» **WORK TO COMPLETE**
Present the data once more in exactly its original form.

» **STORED DATA**
....

(* Consider the $2\times2$ TAHO scheme defined in the context, with $a=F'(0)>0$ and $\lambda\ge\|F'\|_\infty$, and let $m_1=\min_uM_1'(u)>0$, $m_2=\min_uM_2'(u)>0$ (minima over the range of $u$ under consideration). Suppose $$\Delta t\le\min\Big(\frac{1-\lambda\rho}{1+\gamma_1},\frac{1-\lambda\rho}{1-\gamma_2}\Big),$$ and, if $\lambda>2a$, $$\Delta x\le\frac{a^2}{\lambda+a},\qquad \rho\le\min\Big(\frac1\lambda,\ \frac{2\lambda^2m_1}{2a^2\lambda m_1+a_+a_-^2},\ \frac{2\lambda^2m_2}{2a^2\lambda m_2+a_+^2a_-}\Big),$$ while if $a<\lambda<2a$, the same conditions together with $\rho\ge\frac{|\lambda-2a|}{a^2-\Delta x\,a_-}$. Then the scheme satisfies the monotonicity conditions: for $i=1,2$ and all $u$ in the range under consideration, $(\mathcal{B}^i_l)'(u)\ge0$ for $l=-1,0,1$; $1-\rho q+\Delta t\big((\mathcal{B}^i_0)'(u)-\beta^i_0\big)\ge0$; $\frac{\rho(\lambda_i+q)}{2}+\Delta t\big((\mathcal{B}^i_{-1})'(u)-\beta^i_{-1}\big)\ge0$; $\frac{\rho(q-\lambda_i)}{2}+\Delta t\big((\mathcal{B}^i_1)'(u)-\beta^i_1\big)\ge0$.
   Context: Jin–Xin system: $\partial_tf^i+\lambda_i\partial_xf^i=M_i(u)-f^i$, $i=1,2$, scalar unknowns ($k=1$), $\lambda_1=-\lambda$, $\lambda_2=\lambda$, $\lambda>0$, $u=f^1+f^2$, with $F(u)=\lambda(M_2(u)-M_1(u))$ smooth, $F(0)=0$, $M_1+M_2=\mathrm{id}$; equivalently $u_t+v_x=0$, $v_t+\lambda^2u_x=F(u)-v$ with $v=\lambda(f^2-f^1)$. Set $a=F'(0)$, $a_\pm=\lambda\pm a$, $\rho=\Delta t/\Delta x$, $q=\lambda$. The $2\times2$ TAHO scheme is $$\frac{f^i_{j,n+1}-f^i_{j,n}}{\Delta t}+\frac{\lambda_i}{2\Delta x}(f^i_{j+1,n}-f^i_{j-1,n})-\frac{q}{2\Delta x}(f^i_{j+1,n}-2f^i_{j,n}+f^i_{j-1,n})=\sum_{l=-1,0,1}\big(\mathcal{B}^i_l(u_{j+l,n})-\beta^i_lf^i_{j+l,n}\big),$$ with scalar $\beta^i_l$ and functions $\mathcal{B}^i_l$ determined by: $\beta^i_{-1}+\beta^i_0+\beta^i_1=1-\frac{\rho}{2}\Delta x$; $\mathcal{B}^i_{-1}+\mathcal{B}^i_0+\mathcal{B}^i_1=M_i(u)(1-\frac{\rho}{2}\Delta x)$; $\beta^i_1-\beta^i_{-1}=\gamma_i$ and $\mathcal{B}^i_1-\mathcal{B}^i_{-1}=\Gamma_i$, where $\gamma_1=\frac{q}{2a_+}+\frac{a\rho}{2a_+}(2\lambda+a)$, $\gamma_2=-\frac{q}{2a_-}+\frac{a\rho}{2a_-}(2\lambda-a)$, $\Gamma_1(u)=\frac{q-a^2\rho}{2a_+}M_1(u)-\frac{a_-^2}{4\lambda}\rho u$, $\Gamma_2(u)=-\frac{q-a^2\rho}{2a_-}M_2(u)+\frac{a_+^2}{4\lambda}\rho u$; and finally $\beta^1_0=1-\gamma_1-\frac{\rho}{2}\Delta x$, $\beta^2_0=1+\gamma_2-\frac{\rho}{2}\Delta x$, and $\mathcal{B}^i_0$ is chosen with $(\mathcal{B}^i_0)'(u)=M_i'(u)-|\Gamma_i'(u)|-\frac{\rho}{2}\Delta x\,M_i'(u)$ for $i=1,2$. *)

From Stdlib Require Import Reals ZArith.
Open Scope R_scope.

....

» **ANSWER SPACE**
(* Consider the $2\times2$ TAHO scheme defined in the context, with $a=F'(0)>0$ and $\lambda\ge\|F'\|_\infty$, and let $m_1=\min_uM_1'(u)>0$, $m_2=\min_uM_2'(u)>0$ (minima over the range of $u$ under consideration). Suppose $$\Delta t\le\min\Big(\frac{1-\lambda\rho}{1+\gamma_1},\frac{1-\lambda\rho}{1-\gamma_2}\Big),$$ and, if $\lambda>2a$, $$\Delta x\le\frac{a^2}{\lambda+a},\qquad \rho\le\min\Big(\frac1\lambda,\ \frac{2\lambda^2m_1}{2a^2\lambda m_1+a_+a_-^2},\ \frac{2\lambda^2m_2}{2a^2\lambda m_2+a_+^2a_-}\Big),$$ while if $a<\lambda<2a$, the same conditions together with $\rho\ge\frac{|\lambda-2a|}{a^2-\Delta x\,a_-}$. Then the scheme satisfies the monotonicity conditions: for $i=1,2$ and all $u$ in the range under consideration, $(\mathcal{B}^i_l)'(u)\ge0$ for $l=-1,0,1$; $1-\rho q+\Delta t\big((\mathcal{B}^i_0)'(u)-\beta^i_0\big)\ge0$; $\frac{\rho(\lambda_i+q)}{2}+\Delta t\big((\mathcal{B}^i_{-1})'(u)-\beta^i_{-1}\big)\ge0$; $\frac{\rho(q-\lambda_i)}{2}+\Delta t\big((\mathcal{B}^i_1)'(u)-\beta^i_1\big)\ge0$.
   Context: Jin–Xin system: $\partial_tf^i+\lambda_i\partial_xf^i=M_i(u)-f^i$, $i=1,2$, scalar unknowns ($k=1$), $\lambda_1=-\lambda$, $\lambda_2=\lambda$, $\lambda>0$, $u=f^1+f^2$, with $F(u)=\lambda(M_2(u)-M_1(u))$ smooth, $F(0)=0$, $M_1+M_2=\mathrm{id}$; equivalently $u_t+v_x=0$, $v_t+\lambda^2u_x=F(u)-v$ with $v=\lambda(f^2-f^1)$. Set $a=F'(0)$, $a_\pm=\lambda\pm a$, $\rho=\Delta t/\Delta x$, $q=\lambda$. The $2\times2$ TAHO scheme is $$\frac{f^i_{j,n+1}-f^i_{j,n}}{\Delta t}+\frac{\lambda_i}{2\Delta x}(f^i_{j+1,n}-f^i_{j-1,n})-\frac{q}{2\Delta x}(f^i_{j+1,n}-2f^i_{j,n}+f^i_{j-1,n})=\sum_{l=-1,0,1}\big(\mathcal{B}^i_l(u_{j+l,n})-\beta^i_lf^i_{j+l,n}\big),$$ with scalar $\beta^i_l$ and functions $\mathcal{B}^i_l$ determined by: $\beta^i_{-1}+\beta^i_0+\beta^i_1=1-\frac{\rho}{2}\Delta x$; $\mathcal{B}^i_{-1}+\mathcal{B}^i_0+\mathcal{B}^i_1=M_i(u)(1-\frac{\rho}{2}\Delta x)$; $\beta^i_1-\beta^i_{-1}=\gamma_i$ and $\mathcal{B}^i_1-\mathcal{B}^i_{-1}=\Gamma_i$, where $\gamma_1=\frac{q}{2a_+}+\frac{a\rho}{2a_+}(2\lambda+a)$, $\gamma_2=-\frac{q}{2a_-}+\frac{a\rho}{2a_-}(2\lambda-a)$, $\Gamma_1(u)=\frac{q-a^2\rho}{2a_+}M_1(u)-\frac{a_-^2}{4\lambda}\rho u$, $\Gamma_2(u)=-\frac{q-a^2\rho}{2a_-}M_2(u)+\frac{a_+^2}{4\lambda}\rho u$; and finally $\beta^1_0=1-\gamma_1-\frac{\rho}{2}\Delta x$, $\beta^2_0=1+\gamma_2-\frac{\rho}{2}\Delta x$, and $\mathcal{B}^i_0$ is chosen with $(\mathcal{B}^i_0)'(u)=M_i'(u)-|\Gamma_i'(u)|-\frac{\rho}{2}\Delta x\,M_i'(u)$ for $i=1,2$. *)

From Stdlib Require Import Reals ZArith.
Open Scope R_scope.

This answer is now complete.